Advocating an implicitly Millian position, Alice Paul believed that the Lochner Court's upgrading of liberty of contract to the status of a constitutional right was a certain path toward expanding married women's legal capacity to contract, which was still curtailed in many states by coverture. If women were going to provide for themselves and their families in these desperate times, Paul reasoned, they would have to be equally free to contract with employers for the number of hours they needed to work.

Paul's chief adversary, prominent social reformer Florence Kelley, opposed Lochner. Kelley argued that "liberty of contract" was increasingly a legal fiction that ignored the growing inequality of bargaining power between industrial capitalists and powerless laborers.
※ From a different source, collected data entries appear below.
(* Let $\mathcal{H}_S$ (system) and $\mathcal{H}_B$ (bath) be Hilbert spaces (with all traces below finite, e.g. finite-dimensional). Let $H_S(s)$, $s\in[0,t]$, be a (possibly time-dependent) self-adjoint system Hamiltonian, $H_B$ a time-independent self-adjoint bath Hamiltonian, and $U_t$ any unitary on $\mathcal{H}_S\otimes\mathcal{H}_B$. Fix $\beta>0$ and set $Z_S(s)={\rm Tr}[e^{-\beta H_S(s)}]$, $\tau_S(s)=e^{-\beta H_S(s)}/Z_S(s)$, $Z_B={\rm Tr}[e^{-\beta H_B}]$, $\tau_B=e^{-\beta H_B}/Z_B$, $F_S(s)=-\beta^{-1}\ln Z_S(s)$, $\Delta F_S=F_S(t)-F_S(0)$. Let $\{|\epsilon\rangle\}$ be an orthonormal eigenbasis of $H_S(0)$ with eigenvalues $\epsilon$. Define $\Phi_t(\rho)={\rm Tr}_B[U_t(\rho\otimes\tau_B)U_t^\dagger]$, $\tilde Z_S(t)=\sum_\epsilon e^{-\beta{\rm Tr}[H_S(t)\Phi_t(|\epsilon\rangle\langle\epsilon|)]}$, $$\Theta_{SB}(t)=\sum_\epsilon \frac{e^{-\beta{\rm Tr}[H_S(t)\Phi_t(|\epsilon\rangle\langle\epsilon|)]}}{\tilde Z_S(t)}\,U_t(|\epsilon\rangle\langle\epsilon|\otimes\tau_B)U_t^\dagger,\qquad \tilde\rho_S(t)={\rm Tr}_B[\Theta_{SB}(t)],$$ the guessed quantum heat $\langle\tilde Q\rangle_B={\rm Tr}[H_B\tau_B]-{\rm Tr}[(\mathbb{1}_S\otimes H_B)\Theta_{SB}(t)]$, the average internal energy change $\langle\Delta E\rangle={\rm Tr}[H_S(t)\Phi_t(\tau_S(0))]-{\rm Tr}[H_S(0)\tau_S(0)]$, and the average guessed quantum work $\langle\tilde W\rangle=\langle\Delta E\rangle-\langle\tilde Q\rangle_B$. Then $$\langle\tilde W\rangle\ \ge\ \Delta F_S+\beta^{-1}D[\tilde\rho_S(t)\|\tau_S(t)],$$ where $D[\rho\|\sigma]={\rm Tr}[\rho\ln\rho]-{\rm Tr}[\rho\ln\sigma]$ is the quantum relative entropy.
   Context: $\langle\Delta E\rangle$ equals the average of $\Delta\tilde E(\epsilon)={\rm Tr}[H_S(t)\Phi_t(|\epsilon\rangle\langle\epsilon|)]-\epsilon$ with weights $e^{-\beta\epsilon}/Z_S(0)$. $\Theta_{SB}(t)$ is called the best possible guessed state and $\tilde\rho_S(t)$ its reduced system state. *)

(* complex matrices over C := R[i] (R : realType),
   finite-dimensional Hilbert spaces C^n (system) and C^m (bath). *)
From HB Require Import structures.
From mathcomp Require Import all_boot all_order all_algebra.
From mathcomp Require Import sesquilinear spectral.
From mathcomp Require Import complex mxtens.
From mathcomp Require Import boolp reals sequences exp.
(* Let $X\sim N(\mu,\sigma^2)$ and $Y\sim N(\theta,\sigma^2)$ be independent, $\sigma>0$, and $\tau\ge1$. Set $\eta=E_{(0,0)}\big[(X^2-\sigma^2)(Y^2-\sigma^2)\mathbb 1(X^2\vee Y^2>\sigma^2\tau)\big]$, the expectation taken under $\mu=\theta=0$. Then $\eta=-4\sigma^4\tau\,\phi^2(\tau^{1/2})$, and $$\Big|E\big[(X^2-\sigma^2)(Y^2-\sigma^2)\mathbb 1(X^2\vee Y^2>\sigma^2\tau)\big]-\eta-\mu^2\theta^2\Big|\le\min\{\mu^2,3\sigma^2\tau\}\min\{\theta^2,3\sigma^2\tau\}+2\sigma^2\tau^{1/2}\phi(\tau^{1/2})\min\{\mu^2,3\sigma^2\tau\}+2\sigma^2\tau^{1/2}\phi(\tau^{1/2})\min\{\theta^2,3\sigma^2\tau\}.$$
   Context: $\phi$ denotes the standard normal density; $X^2\vee Y^2=\max\{X^2,Y^2\}$. *)

From Stdlib Require Import Reals Lra.
Open Scope R_scope.

Definition phi (x : R) : R := exp (- (x ^ 2) / 2) / sqrt (2 * PI).

Definition npdf (m s x : R) : R := phi ((x - m) / s) / s.

Definition is_RInt (f : R -> R) (a b v : R) : Prop :=
  exists pr : Riemann_integrable f a b, RiemannInt pr = v.

Definition improper_int (f : R -> R) (l : R) : Prop :=
  forall eps, 0 < eps -> exists M, forall a b, a <= - M -> M <= b ->
    exists v, is_RInt f a b v /\ Rabs (v - l) < eps.

(* E[g(X,Y)] = l for X ~ N(mu, s^2), Y ~ N(th, s^2) independent,
   computed as the iterated integral  int ( int g(x,y) p_mu(x) dx ) p_th(y) dy *)
Definition expect2 (g : R -> R -> R) (mu th s l : R) : Prop :=
  exists h : R -> R,
    (forall y, improper_int (fun x => g x y * npdf mu s x) (h y)) /\
    improper_int (fun y => h y * npdf th s y) l.

Definition ind_max (c x y : R) : R :=
  if Rlt_dec c (Rmax (x ^ 2) (y ^ 2)) then 1 else 0.

Definition gfun (s tau x y : R) : R :=
  (x ^ 2 - s ^ 2) * (y ^ 2 - s ^ 2) * ind_max (s ^ 2 * tau) x y.

(* For fixed [y], [1(x^2 \/ y^2 > c) = 1 - 1(x^2 <= c) 1(y^2 <= c)], so the inner integral is
   [(y^2 - s^2) (mu^2 - 1(y^2 <= c) A mu)] with [A m = E_m[(X^2 - s^2) 1(X^2 <= c)]], and the
   expectation equals [mu^2 th^2 - A mu * A th].  An explicit antiderivative of [(x^2 - s^2)] times
   the normal density gives [A 0 = -2 s^2 sqrt tau phi (sqrt tau)], whence [eta = - (A 0)^2] and
   [l - eta - mu^2 th^2 = (A 0)^2 - A mu * A th].  It remains to bound [|A m - A 0|] by [m^2]:
   after standardization, [m |-> m^2 - A m] and [m |-> m^2 + A m] have derivatives with the sign of
   [m] (for the latter when [|m| <= 1], by the convexity of [sinh]), so both are minimal at [0].
   The total mass [1] of [phi] comes from the identity
   [(int_0^x exp (-t^2))^2 + int_0^1 exp (-x^2 (1 + t^2)) / (1 + t^2) dt = PI/4]. *)

From Pilot Require Import Defs.
From Stdlib Require Import Reals Lra Psatz FunctionalExtensionality.
From Coquelicot Require Import Coquelicot.
Open Scope R_scope.

(* Coquelicot states equalities over its structure carriers, where [ring] and [field] fail. *)
Ltac R_eq := match goal with |- @eq _ ?a ?b => change (@eq R a b) end.

Lemma exp_le_exp (x y : R) : x <= y -> exp x <= exp y.
Proof. intros [H|H]; [left; apply exp_increasing, H | right; rewrite H; reflexivity]. Qed.

Lemma exp_neg_half_sqr_le (z : R) : 0 < z -> exp (- z ^ 2 / 2) <= 2 / z ^ 2.
Proof.
  intros Hz. assert (H := exp_ineq1_le (z ^ 2 / 2)). assert (0 < exp (z ^ 2 / 2)) by apply exp_pos.
  replace (- z ^ 2 / 2) with (- (z ^ 2 / 2)) by field. rewrite exp_Ropp.
  apply Rmult_le_reg_r with (exp (z ^ 2 / 2) * z ^ 2); [nra|].
  replace (/ exp (z ^ 2 / 2) * (exp (z ^ 2 / 2) * z ^ 2)) with (z ^ 2) by (field; lra).
  replace (2 / z ^ 2 * (exp (z ^ 2 / 2) * z ^ 2)) with (2 * exp (z ^ 2 / 2)) by (field; nra).
  lra.
Qed.

Lemma exp_neg_half_ge : 1 / 2 <= exp (- (1 / 2)).
Proof.
  assert (H : exp (1 / 2) * exp (1 / 2) = exp 1) by (rewrite <- exp_plus; f_equal; field).
  assert (H3 := exp_le_3). assert (P := exp_pos (1 / 2)).
  rewrite exp_Ropp. apply Rmult_le_reg_r with (exp (1 / 2)); [exact P|].
  rewrite Rinv_l by lra. nra.
Qed.

Lemma one_plus_sqr_mul_exp_le (t : R) : (1 + t ^ 2) * exp (t - t ^ 2 / 2) <= 11 / 2.
Proof.
  assert (H := exp_ineq1_le (t ^ 2 / 2 - t)). assert (P := exp_pos (t ^ 2 / 2 - t)).
  replace (t - t ^ 2 / 2) with (- (t ^ 2 / 2 - t)) by field. rewrite exp_Ropp.
  apply Rmult_le_reg_r with (exp (t ^ 2 / 2 - t)); [exact P|].
  rewrite Rmult_assoc, Rinv_l by lra. assert (0 <= (t - 11 / 7) ^ 2) by apply pow2_ge_0. nra.
Qed.

Lemma cosh_le (a b : R) : 0 <= a <= b -> exp a + exp (- a) <= exp b + exp (- b).
Proof.
  intros [Ha Hab]. rewrite !exp_Ropp.
  assert (X1 : 1 <= exp a) by (rewrite <- exp_0; apply exp_le_exp, Ha).
  assert (XY : exp a <= exp b) by (apply exp_le_exp, Hab).
  assert (/ (exp a * exp b) <= 1) by (rewrite <- Rinv_1; apply Rinv_le_contravar; nra).
  assert (E : exp b + / exp b - (exp a + / exp a) = (exp b - exp a) * (1 - / (exp a * exp b)))
    by (field; lra).
  assert (0 <= (exp b - exp a) * (1 - / (exp a * exp b))) by (apply Rmult_le_pos; lra).
  lra.
Qed.

(* Convexity of [sinh] on [0, +oo): [k v = v sinh t - sinh (t v)] vanishes at [0] and [1] and
   has a nonincreasing derivative, so it is nonnegative in between. *)
Lemma sinh_mul_le (t v : R) : 0 <= t -> 0 <= v <= 1 ->
  exp (t * v) - exp (- (t * v)) <= v * (exp t - exp (- t)).
Proof.
  intros Ht Hv.
  set (S := exp t - exp (- t)).
  set (k := fun v => v * S - (exp (t * v) - exp (- (t * v)))).
  set (k' := fun v => S - t * (exp (t * v) + exp (- (t * v)))).
  assert (Dk : forall x, derivable_pt_lim k x (k' x)).
  { intros x. apply is_derive_Reals. unfold k, k'. auto_derive; [auto | R_eq; ring]. }
  assert (k0 : k 0 = 0) by (unfold k; rewrite Rmult_0_r, Ropp_0, exp_0; ring).
  assert (k1 : k 1 = 0) by (unfold k, S; rewrite Rmult_1_r; ring).
  assert (k'_mono : forall a b, 0 <= a <= b -> k' b <= k' a).
  { intros a b Hab. unfold k'. assert (H := cosh_le (t * a) (t * b) ltac:(split; nra)).
    apply Rplus_le_compat_l, Ropp_le_contravar, Rmult_le_compat_l; auto. }
  enough (0 <= k v) by (unfold k in *; lra).
  destruct (Req_dec v 0) as [->|E0]; [lra|]. destruct (Req_dec v 1) as [->|E1]; [lra|].
  destruct (MVT_cor2 k k' 0 v ltac:(lra) (fun c _ => Dk c)) as [c1 [Ec1 Hc1]].
  destruct (MVT_cor2 k k' v 1 ltac:(lra) (fun c _ => Dk c)) as [c2 [Ec2 Hc2]].
  assert (Hk := k'_mono c1 c2 ltac:(lra)). rewrite k0 in Ec1. rewrite k1 in Ec2.
  destruct (Rle_dec 0 (k' c1)) as [P1|P1]; [nra|].
  assert (k' c2 < 0) by lra. nra.
Qed.

Lemma sqrt_2PI_ge : 2.44 <= sqrt (2 * PI).
Proof.
  assert (H := PI2_3_2). rewrite <- (sqrt_pow2 2.44) by lra. apply sqrt_le_1_alt. lra.
Qed.

Lemma sqrt_2PI_gt0 : 0 < sqrt (2 * PI).
Proof. assert (H := sqrt_2PI_ge). lra. Qed.

Lemma Rabs_sqr_sub_mul_le (b x y : R) : Rabs (b ^ 2 - x * y) <=
  Rabs (x - b) * Rabs (y - b) + Rabs b * Rabs (x - b) + Rabs b * Rabs (y - b).
Proof.
  replace (b ^ 2 - x * y) with (- ((x - b) * (y - b)) + - b * (x - b) + - b * (y - b)) by ring.
  rewrite <- (Rabs_Ropp b), <- !Rabs_mult, <- (Rabs_Ropp ((x - b) * (y - b))).
  eapply Rle_trans; [apply Rabs_triang|]. apply Rplus_le_compat_r, Rabs_triang.
Qed.

Lemma le_of_derive_sign (f f' : R -> R) (m : R) : (forall x, is_derive f x (f' x)) ->
  (forall x, Rmin 0 m <= x <= Rmax 0 m -> 0 <= x * f' x) -> f 0 <= f m.
Proof.
  intros Hd Hs.
  assert (Hd' : forall a b c, a <= c <= b -> derivable_pt_lim f c (f' c))
    by (intros; apply is_derive_Reals, Hd).
  destruct (Rtotal_order 0 m) as [Hm|[<-|Hm]]; [| lra |].
  - destruct (MVT_cor2 f f' 0 m Hm (Hd' 0 m)) as [c [Ec Hc]].
    assert (H := Hs c). rewrite Rmin_left, Rmax_right in H by lra. specialize (H ltac:(lra)). nra.
  - destruct (MVT_cor2 f f' m 0 Hm (Hd' m 0)) as [c [Ec Hc]].
    assert (H := Hs c). rewrite Rmin_right, Rmax_left in H by lra. specialize (H ltac:(lra)). nra.
Qed.

Lemma RInt_scal_R (f : R -> R) (a b c : R) :
  ex_RInt f a b -> RInt (fun x => c * f x) a b = c * RInt f a b.
Proof. exact (@RInt_scal R_CompleteNormedModule f a b c). Qed.

Lemma RInt_comp_mult_R (f : R -> R) (u a b : R) : ex_RInt f (u * a) (u * b) ->
  RInt (fun y => u * f (u * y)) a b = RInt f (u * a) (u * b).
Proof.
  intros Hf. rewrite <- (Rplus_0_r (u * a)), <- (Rplus_0_r (u * b)).
  rewrite <- (@RInt_comp_lin R_CompleteNormedModule f u 0 a b) by now rewrite !Rplus_0_r.
  apply RInt_ext; intros; now rewrite Rplus_0_r.
Qed.

Lemma Riemann_of_is_RInt (f : R -> R) (a b v : R) : is_RInt f a b v -> Defs.is_RInt f a b v.
Proof.
  intros H. assert (Hex : ex_RInt f a b) by (exists v; exact H).
  exists (ex_RInt_Reals_0 _ _ _ Hex).
  rewrite <- RInt_Reals. apply (@is_RInt_unique R_CompleteNormedModule), H.
Qed.

Lemma improper_int_unique (f : R -> R) (l1 l2 : R) :
  improper_int f l1 -> improper_int f l2 -> l1 = l2.
Proof.
  intros H1 H2. apply Rminus_diag_uniq, Rabs_eq_0.
  apply Rle_antisym; [|apply Rabs_pos]. apply le_epsilon. intros e He.
  destruct (H1 (e / 2) ltac:(lra)) as [M1 HM1]. destruct (H2 (e / 2) ltac:(lra)) as [M2 HM2].
  assert (A1 := Rmax_l M1 M2). assert (A2 := Rmax_r M1 M2). set (M := Rmax M1 M2) in *.
  destruct (HM1 (- M) M ltac:(lra) ltac:(lra)) as [v1 [[pr1 E1] B1]].
  destruct (HM2 (- M) M ltac:(lra) ltac:(lra)) as [v2 [[pr2 E2] B2]].
  assert (Hv : v2 = v1) by (rewrite <- E1, <- E2; apply RiemannInt_P5). rewrite Hv in B2.
  replace (l1 - l2) with ((v1 - l2) - (v1 - l1)) by ring.
  eapply Rle_trans; [apply Rabs_triang|]. rewrite Rabs_Ropp. lra.
Qed.

Lemma expect2_unique (g : R -> R -> R) (m th s l1 l2 : R) :
  expect2 g m th s l1 -> expect2 g m th s l2 -> l1 = l2.
Proof.
  intros [h1 [Hx1 Hy1]] [h2 [Hx2 Hy2]].
  assert (h1 = h2) as <-
    by (apply functional_extensionality; intros y;
        exact (improper_int_unique _ _ _ (Hx1 y) (Hx2 y))).
  exact (improper_int_unique _ _ _ Hy1 Hy2).
Qed.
She suggested that women, who at the time did not enjoy the protection of trade unions that men did, were especially vulnerable to maltreatment in the industrial workplace. Protective legislation for women would serve as a first step toward protective labor laws for all workers — and one day, perhaps, a more just economic system for the family and the nation as a whole.

While Paul believed strict equality between the sexes would best serve women's needs as individuals, Kelley maintained that Paul's insistence on "theoretical equality" would block the gains women were making in the industrial workplace, and perhaps those of men as well. In Paul's quest, Kelley saw a threat of subjecting women, along with men, to exploitation in the economy. Instead, Kelley and her allies argued for "specific bills for specific ills" — a legislative possibility that would become more likely once women won the franchise.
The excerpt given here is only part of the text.